Editorial: What is going on with New Mexico Law Enforcement? 

Alburquerque, New Mexico

Column By Mike Bibb

Ordinarily, glitches in a state’s law enforcement and judicial system don’t regularly make front-page news. Police agencies and courts, like any government department, are susceptible to occasional faux pas.

That’s just the nature of most anything involving human participation and management.

However, except for California, whose government has gone well beyond logical reasoning, recent events in one of our neighboring states have become equally baffling.

Within the past month, the governor of New Mexico has dispatched the National Guard to assist the Albuquerque Police Department in controlling crime within the city—an indication that the bad guys are becoming more brazen, disruptive, and threatening public safety.

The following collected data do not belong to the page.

(* Let $$B= \begin{pmatrix} 1& 2& 2\\ 2&1& 2\\ 2&2& 3 \end{pmatrix}.$$ For every positive integer $n$, writing $B^n(3,4,5)^\top=(x,y,z)^\top$, the circumradius of the triangle with side lengths $x,y,z$ is $$R_n=\frac{(5\sqrt{2}-7)(3-2\sqrt{2})^n+(5\sqrt{2}+7)(3+2\sqrt{2})^n}{4\sqrt{2}}.$$
   Context: Triples are regarded as row vectors and $\top$ denotes transpose. The triple $B^n(3,4,5)^\top$ is a primitive Pythagorean triple (positive integers with $x^2+y^2=z^2$), so the triangle is a right triangle with hypotenuse $z$. *)

From HB Require Import structures.
From mathcomp Require Import all_boot all_order all_algebra.
From mathcomp Require Import reals.
Set Implicit Arguments. Unset Strict Implicit. Unset Printing Implicit Defensive.
Import Order.TTheory GRing.Theory Num.Theory.
Local Open Scope ring_scope.

Definition Bmat : 'M[int]_3 :=
  \matrix_(i < 3, j < 3)
    nth 0 (nth [::] [:: [:: 1; 2; 2]; [:: 2; 1; 2]; [:: 2; 2; 3]] i) j.

Definition v345 : 'cV[int]_3 := \col_(i < 3) nth 0 [:: 3; 4; 5] i.

(* Circumradius of a triangle with side lengths a, b, c:
   R = abc / (4 * Area), with Area given by Heron's formula, i.e.
   R = abc / sqrt((a+b+c)(-a+b+c)(a-b+c)(a+b-c)). *)
Definition circumradius (R : rcfType) (a b c : R) : R :=
  a * b * c / Num.sqrt ((a + b + c) * (- a + b + c) * (a - b + c) * (a + b - c)).

From HB Require Import structures.
From mathcomp Require Import all_boot all_order all_algebra.
From mathcomp Require Import reals.
From mathcomp Require Import ring zify.
Import Order.TTheory GRing.Theory Num.Theory.
Local Open Scope ring_scope.

(* B preserves positivity and the form x^2 + y^2 - z^2, so every B^n (3,4,5)
   is a Pythagorean triple and R_n is half its hypotenuse z_n.  The hypotenuses
   satisfy z_(n+2) = 6 z_(n+1) - z_n, whose characteristic roots are 3 -+ 2 sqrt 2;
   the numerator of the formula, divided by 2 sqrt 2, satisfies the same
   recurrence and agrees with z_n at n = 0, 1. *)

Definition Bstep (t : int * int * int) : int * int * int :=
  let: (x, y, z) := t in (x + 2 * y + 2 * z, 2 * x + y + 2 * z, 2 * x + 2 * y + 3 * z).

Definition col3 (t : int * int * int) : 'cV[int]_3 :=
  \col_(i < 3) nth 0 [:: t.1.1; t.1.2; t.2] i.

Lemma Bmat_col3 t : Bmat *m col3 t = col3 (Bstep t).
Proof.
case: t => [[x y] z]; apply/matrixP => i j.
rewrite !mxE !big_ord_recl big_ord0 !mxE /=.
by case: i => [[|[|[|]]] //= _]; rewrite /bump /=; ring.
Qed.

Lemma Bmat_pow_v345 n : Bmat ^+ n *m v345 = col3 (iter n Bstep (3, 4, 5)).
Proof.
elim: n => [|n IHn].
  by rewrite expr0 mul1mx; apply/matrixP => i j; rewrite !mxE.
by rewrite exprS -mulmxA IHn Bmat_col3.
Qed.

Definition pythagorean_triple (t : int * int * int) :=
  [/\ 0 < t.1.1, 0 < t.1.2, 0 < t.2 & t.1.1 ^+ 2 + t.1.2 ^+ 2 = t.2 ^+ 2].

Lemma Bstep_pythagorean t : pythagorean_triple t -> pythagorean_triple (Bstep t).
Proof. by case: t => [[x y] z] [/= x_gt0 y_gt0 z_gt0 xyz]; split => /=; lia. Qed.

Lemma iter_Bstep_pythagorean n : pythagorean_triple (iter n Bstep (3, 4, 5)).
Proof. by elim: n => [|n IHn] //=; apply: Bstep_pythagorean. Qed.

(* Only x + y and z enter the hypotenuse of the next triple, and B acts on
   that pair through [[3, 4], [2, 3]], whose characteristic polynomial is X^2 - 6X + 1. *)
Lemma Bstep2_hypotenuse t : (Bstep (Bstep t)).2 = 6 * (Bstep t).2 - t.2.
Proof. by case: t => [[x y] z] /=; ring. Qed.

Lemma circumradius_right (R : rcfType) (a b c : R) :
  0 < a -> 0 < b -> a ^+ 2 + b ^+ 2 = c ^+ 2 -> circumradius a b c = c / 2.
Proof.
move=> a_gt0 b_gt0 abc.
have heron : (a + b + c) * (- a + b + c) * (a - b + c) * (a + b - c) = (2 * a * b) ^+ 2.
  have -> : (a + b + c) * (- a + b + c) * (a - b + c) * (a + b - c)
            = (2 * a * b) ^+ 2 - (c ^+ 2 - a ^+ 2 - b ^+ 2) ^+ 2 by ring.
  by rewrite -abc; ring.
rewrite /circumradius heron sqrtr_sqr ger0_norm; last by rewrite !mulr_ge0 ?ltW.
by field; rewrite !lt0r_neq0.
Qed.

Lemma eq_lin_rec2 (R : pzRingType) (p q : R) (u v : nat -> R) :
  (forall n, u n.+2 = p * u n.+1 - q * u n) ->
  (forall n, v n.+2 = p * v n.+1 - q * v n) ->
  u 0%N = v 0%N -> u 1%N = v 1%N -> u =1 v.
Proof.
move=> u_rec v_rec uv0 uv1 n.
suff: u n = v n /\ u n.+1 = v n.+1 by case.
by elim: n => [|n [IHn IHn1]] //; rewrite u_rec v_rec IHn IHn1.
Qed.

Lemma lin_rec2_geometric (R : comPzRingType) (p q r1 r2 c1 c2 : R) :
  r1 ^+ 2 = p * r1 - q -> r2 ^+ 2 = p * r2 - q ->
  forall n, c1 * r1 ^+ n.+2 + c2 * r2 ^+ n.+2
            = p * (c1 * r1 ^+ n.+1 + c2 * r2 ^+ n.+1) - q * (c1 * r1 ^+ n + c2 * r2 ^+ n).
Proof.
move=> r1_root r2_root n.
rewrite -[n.+2]addn2 -[n.+1]addn1 !exprD r1_root r2_root; ring.
Qed.

Lemma hypotenuse_closed_form (R : rcfType) n :
  (5 * Num.sqrt 2 - 7) * (3 - 2 * Num.sqrt 2) ^+ n
    + (5 * Num.sqrt 2 + 7) * (3 + 2 * Num.sqrt 2) ^+ n
  = 2 * Num.sqrt 2 * ((iter n Bstep (3, 4, 5)).2)%:~R :> R.
Proof.
set s : R := Num.sqrt 2.
have s2 : s ^+ 2 = 2 by rewrite sqr_sqrtr ?ler0n.
have root_minus : (3 - 2 * s) ^+ 2 = 6 * (3 - 2 * s) - 1.
  by rewrite sqrrB exprMn s2; ring.
have root_plus : (3 + 2 * s) ^+ 2 = 6 * (3 + 2 * s) - 1.
  by rewrite sqrrD exprMn s2; ring.
apply: (@eq_lin_rec2 _ 6 1 (fun m => _ * _ ^+ m + _ * _ ^+ m)
                    (fun m => 2 * s * ((iter m Bstep (3, 4, 5)).2)%:~R)) => /=.
- exact: lin_rec2_geometric.
- by move=> m; rewrite Bstep2_hypotenuse intrB intrM; ring.
- by ring.
- (* z_1 must be evaluated first: [ring] does not terminate on the integer expression. *)
  by rewrite !expr1 (_ : 2 * 3 + 2 * 4 + 3 * 5 = 29 :> int) //; ring.
Qed.

Theorem mainTheorem8 (R : realType) (n : nat) (hn : (0 < n)%N) :
  let w := Bmat ^+ n *m v345 in
  let x : R := (w ord0 ord0)%:~R in
  let y : R := (w (inord 1) ord0)%:~R in
  let z : R := (w (inord 2) ord0)%:~R in
  circumradius x y z =
    ((5 * Num.sqrt 2 - 7) * (3 - 2 * Num.sqrt 2) ^+ n
     + (5 * Num.sqrt 2 + 7) * (3 + 2 * Num.sqrt 2) ^+ n) / (4 * Num.sqrt 2).
Proof.
rewrite /= Bmat_pow_v345 !mxE !inordK //=.
have [x_gt0 y_gt0 _ xyz] := iter_Bstep_pythagorean n.
rewrite circumradius_right ?ltr0z // ?hypotenuse_closed_form; last first.
  by rewrite -!rmorphXn -rmorphD /= xyz.
have s_neq0 : Num.sqrt (2 : R) != 0 by rewrite sqrtr_eq0 -ltNge ltr0n.
by field; rewrite s_neq0.
Qed.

Also, in the past few days, the DEA conducted a large-scale fentanyl bust in Albuquerque in which hundreds of thousands of dollars in cash, drugs, firearms, and vehicles were seized.

A magistrate judge and his wife in Las Cruces were recently arrested for harboring a Venezuelan gang member in their home. Details, other than the judge knowingly providing his residence as a refuge for the gangster and occasionally entertaining his friends, have gradually come forth.

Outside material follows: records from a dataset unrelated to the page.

(* Let $0<q<1$ and let $n$ and $s_1,\dots,s_n$ be positive integers such that $s_j>1$ for some $j$. Then \[ \sum_{j=1}^n \zeta\big[s_j+1,s_{j+1},\dots,s_n,s_1,\dots,s_{j-1}\big] = \sum_{j=1}^n \sum_{k=0}^{s_j-2}\zeta\big[s_j-k,s_{j+1},\dots,s_n,s_1,\dots,s_{j-1},k+1\big], \] where the inner sum on the right is zero when $s_j=1$.
   Context: Fix $0<q<1$. For real $x$, $[x]_q := (1-q^x)/(1-q)$. For positive integers $t_1,\dots,t_N$ with $t_1>1$, $\zeta[t_1,\dots,t_N] := \sum_{k_1>\cdots>k_N>0}\prod_{j=1}^N q^{(t_j-1)k_j}/[k_j]_q^{t_j}$ (sum over positive integers). *)

From Stdlib Require Import Reals Lra Lia List.
From Coquelicot Require Import Coquelicot.
Import ListNotations.
Open Scope R_scope.

Definition qint (q x : R) : R := (1 - Rpower q x) / (1 - q).

Definition qterm (q : R) (t k : nat) : R :=
  q ^ ((t - 1) * k) / (qint q (INR k)) ^ t.

(* Finite sum over M >= k_1 > k_2 > ... > k_N > 0. *)
Fixpoint qzeta_trunc (q : R) (M : nat) (ts : list nat) : R :=
  match ts with
  | [] => 1
  | t :: ts' =>
      fold_right Rplus 0
        (map (fun k => qterm q t k * qzeta_trunc q (k - 1)%nat ts') (seq 1 M))
  end.

(* zeta[t_1,...,t_N] := sum_{k_1 > ... > k_N > 0} prod_j q^((t_j-1)k_j)/[k_j]_q^{t_j},
   defined as the limit of the truncations k_1 <= M (nonnegative terms). *)
Definition qzeta (q : R) (ts : list nat) : R :=
  real (Lim_seq (fun M => qzeta_trunc q M ts)).

Definition fsum (m : nat) (f : nat -> R) : R :=
  fold_right Rplus 0 (map f (seq 0 m)).

From Stdlib Require Import Reals Lra Lia List Arith.
From Coquelicot Require Import Coquelicot.
Import ListNotations.
Open Scope R_scope.

(* Write h(m) = q^m/[m]_q ([qratio]), so that the summand with exponent t+1 is the
   summand with exponent t times h(m).  For a > b >= 1 the partial-fraction identity
     sum_{k=0}^{s-2} qterm (s-k) a * qterm (k+1) b
       = qterm s b * (h(a-b) - h(a)) - qterm s a * h(a-b)
   shows that, truncated at k_1 <= N, the inner sum on the right for the j-th rotation
   of s equals the j-th term on the left, minus a "rotation term" of the j-th rotation,
   plus the rotation term of the (j+1)-th rotation at level N-1, minus a boundary term.
   Summed over the n rotations the rotation terms telescope; what is left is O(N^K q^N)
   because some s_j > 1, so the identity follows as N -> infinity. *)

(* Same encoding as [fsum], so that [fsum n f] is convertible to [sum_from 0 n f]. *)
Definition sum_from (a n : nat) (f : nat -> R) : R :=
  fold_right Rplus 0 (map f (seq a n)).

Lemma sum_from_S_l a n f : sum_from a (S n) f = f a + sum_from (S a) n f.
Proof. reflexivity. Qed.

Lemma sum_from_S_r a n f : sum_from a (S n) f = sum_from a n f + f (a + n)%nat.
Proof.
  revert a; induction n; intros a.
  - cbn; rewrite Nat.add_0_r; ring.
  - rewrite (sum_from_S_l a (S n)), IHn, (sum_from_S_l a n), Nat.add_succ_r; cbn [Nat.add]; ring.
Qed.

Lemma sum_from_ext a n f g :
  (forall i, (a <= i < a + n)%nat -> f i = g i) -> sum_from a n f = sum_from a n g.
Proof.
  revert a; induction n; intros a H; [reflexivity|].
  rewrite !sum_from_S_l, H by lia. f_equal. apply IHn; intros; apply H; lia.
Qed.

Lemma sum_from_plus a n f g :
  sum_from a n (fun i => f i + g i) = sum_from a n f + sum_from a n g.
Proof. revert a; induction n; intros a; [cbn; ring|]. rewrite !sum_from_S_l, IHn; ring. Qed.

Lemma sum_from_minus a n f g :
  sum_from a n (fun i => f i - g i) = sum_from a n f - sum_from a n g.
Proof. revert a; induction n; intros a; [cbn; ring|]. rewrite !sum_from_S_l, IHn; ring. Qed.

Lemma sum_from_scal_l a n c f :
  sum_from a n (fun i => c * f i) = c * sum_from a n f.
Proof. revert a; induction n; intros a; [cbn; ring|]. rewrite !sum_from_S_l, IHn; ring. Qed.

Lemma sum_from_zero a n : sum_from a n (fun _ => 0) = 0.
Proof. revert a; induction n; intros a; [cbn; ring|]. rewrite !sum_from_S_l, IHn; ring. Qed.

Lemma sum_from_le a n f g :
  (forall i, (a <= i < a + n)%nat -> f i <= g i) -> sum_from a n f <= sum_from a n g.
Proof.
  revert a; induction n; intros a H; [cbn; lra|].
  rewrite !sum_from_S_l. apply Rplus_le_compat; [apply H; lia|]. apply IHn; intros; apply H; lia.
Qed.

Lemma sum_from_nonneg a n f :
  (forall i, (a <= i < a + n)%nat -> 0 <= f i) -> 0 <= sum_from a n f.
Proof. intros H. rewrite <- (sum_from_zero a n). now apply sum_from_le. Qed.

Lemma sum_from_le_const a n f c :
  (forall i, (a <= i < a + n)%nat -> f i <= c) -> sum_from a n f <= INR n * c.
Proof.
  revert a; induction n; intros a H; [cbn; lra|].
  rewrite sum_from_S_l, S_INR.
  assert (f a <= c) by (apply H; lia).
  assert (sum_from (S a) n f <= INR n * c) by (apply IHn; intros; apply H; lia).
  lra.
Qed.

Lemma sum_from_shift a n f : sum_from (S a) n f = sum_from a n (fun i => f (S i)).
Proof. revert a; induction n; intros a; [reflexivity|]. now rewrite !sum_from_S_l, IHn. Qed.

Lemma sum_from_comm a n b m (F : nat -> nat -> R) :
  sum_from a n (fun i => sum_from b m (F i))
  = sum_from b m (fun k => sum_from a n (fun i => F i k)).
Proof.
  revert a; induction n; intros a.
  - symmetry; apply sum_from_zero.
  - rewrite sum_from_S_l, IHn, <- sum_from_plus. reflexivity.
Qed.

Lemma sum_from_telescope n (f : nat -> R) :
  sum_from 0 n (fun i => f (S i) - f i) = f n - f O.
Proof. induction n; [cbn; ring|]. rewrite sum_from_S_r, IHn; cbn; ring. Qed.

Lemma sum_from_sum_f_R0 n f : sum_from 0 (S n) f = sum_f_R0 f n.
Proof. induction n; [cbn; ring|]. now rewrite sum_from_S_r, IHn. Qed.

I’m certain more incriminating information will be released as the FBI investigation progresses.

The latest law enforcement snafu involving several deputies in New Mexico’s Grant County Sheriff’s Department has been reported.

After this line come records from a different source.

(* Let $q$ be an odd prime power, $d$ an even positive integer, and $A\subset\mathbb F_q^d$. Let $\mathcal{ZR}(A)$ be the number of pairs $(x,y)\in A\times A$ with $\|x-y\|=0$, and let $\Omega^0(A)=\sum_{m\in\mathbb F_q^d:\ \|m\|=0}|\widehat A(m)|^2$. \begin{enumerate} \item If $d\equiv 2\pmod 4$ and $q\equiv 3\pmod 4$, then $$\frac{\mathcal{ZR}(A)}{2}=\frac{|A|^2}{2q}-\frac{q^{\frac{3d}{2}}}{2}\Omega^0(A)+\frac{q^{\frac{d-2}{2}}|A|}{2}.$$ \item If $d\equiv 0\pmod 4$, or $d\equiv 2\pmod 4$ and $q\equiv 1\pmod 4$, then $$\frac{\mathcal{ZR}(A)}{2}=\frac{|A|^2}{2q}+\frac{q^{\frac{3d}{2}}}{2}\Omega^0(A)-\frac{q^{\frac{d-2}{2}}|A|}{2}.$$ \end{enumerate}
   Context: For $x\in\mathbb F_q^d$, $\|x\|=x_1^2+\cdots+x_d^2$. $\chi$ is the canonical nontrivial additive character of $\mathbb F_q$, and for $A\subset\mathbb F_q^d$, $\widehat{A}(m)=q^{-d}\sum_{x\in A}\chi(-m\cdot x)$ is the Fourier transform of the indicator function of $A$. *)

From mathcomp Require Import all_boot all_order all_algebra all_field.
Set Implicit Arguments. Unset Strict Implicit. Unset Printing Implicit Defensive.
Import Order.TTheory GRing.Theory Num.Theory.
Local Open Scope ring_scope.

Section Defs.
Variable F : finFieldType.

(* q = #|F| = p ^ n with p the characteristic *)
Definition charp : nat := pdiv #|F|.
Definition extdeg : nat := logn charp #|F|.

(* absolute trace F_q -> F_p (lands in the prime subfield) *)
Definition abstrace (x : F) : F := \sum_(i < extdeg) x ^+ (charp ^ i).

Definition trace_nat (x : F) : nat :=
  if [pick k : 'I_charp | (k%:R : F) == abstrace x] is Some k then val k else 0%N.

(* omega = e^{2 pi i / p}: p.-root (-1) is e^{i pi / p} (minimal argument) *)
Definition omega : algC := (charp.-root (-1)) ^+ 2.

Grant County encompasses Silver City and the adjoining vicinity.

While big-time crime and international gang activity don’t influence the story, it is equally bizarre.

Believe it or not, the five main characters in this debacle consist of four county deputies and a baby rabbit.

The clamor began when the four deputies were on evening patrol in the Hachita area of the county when one of their patrol vehicles suddenly halted.

Wondering why, other deputies exited their vehicles and approached the officer who had made the initial stop.

When they encountered the deputy, they discovered the officer was holding a baby rabbit in his hands, and reported the little dude was sitting in the middle of the road, refusing to move.

Deputies began to laugh at the hilarity of the situation — a sheriff’s department patrol stopped in its tracks by an obstinate baby desert rabbit.  

One of the deputies asked if he could hold the creature. “No”, the other officer reported, “you might hurt it.”

“No, I won’t,” replied the second deputy.

This conversation went back and forth until finally the second officer pulled his Taser and aimed it, allegedly, at the deputy holding the rabbit and demanded he hand it over.

Shortly after, the second officer hurled the tiny rabbit against his patrol vehicle with sufficient force to fatally injure it.

The other officers stood by, unsure of what they had just seen or why they had seen it.

This wasn’t the first time this same deputy had confronted the other. About 10 days before the rabbit episode, the officer who snatched the animal and threw it against the vehicle had also grabbed the other deputy’s cell phone in the office and then pointed his duty pistol at him when the officer tried to retrieve it.  

What could be the motive for an adult sheriff’s deputy to act this way on at least two different occasions intentionally?

I’m no cop, but I don’t believe this is standard police behavior. I don’t think I’ve ever heard of a story like this.

Adding to the craziness, the media has only recently reported on the incident. According to information from “The Grant County Beat,” May 5, 2025, these events happened last August 2024.

Following the press’ account, including information that the occurrence attracted the attention of the New Mexico State Police, the Grant County Sheriff released his handling of the affair, indicating his office did not condone the deputies’ conduct. Administrative measures have been taken involving the offending officers.

That would be the expected response, knowing the public’s exposure to the wacky handling of an abnormal county police event has suddenly ballooned into a story attracting state intervention.

The Sheriff, understandably, realizes the significance of his deputies’ screwups, particularly one as ridiculous and boneheaded as the killing of a baby rabbit for no apparent reason and threatening a fellow officer with a firearm.

There’s a reason other than, perhaps, the mental stability of the offending deputy.

On Feb. 14, 2025, a criminal complaint was filed in the Silver City Magistrate Court by Agent Justin Blacklock of the New Mexico State Police. The complaint states the offending officer was charged with four counts of aggravated assault upon a peace officer with a deadly weapon and one count of extreme cruelty to animals.

This latest narrative involving New Mexico law enforcement will, most likely, continue to be exposed. Leaving people to wonder if the state has nearly lost control of adequate policing in its largest city, a magistrate judge cavorting with foreign gang members in the state’s second largest city and county sheriff deputies quarreling among themselves, pulling guns on each other and purposely killing baby rabbits in the wild, then what should the public expect next?

I don’t know, but each succeeding story seems more astonishing than the previous one.

The opinions expressed in this editorial are those of the author.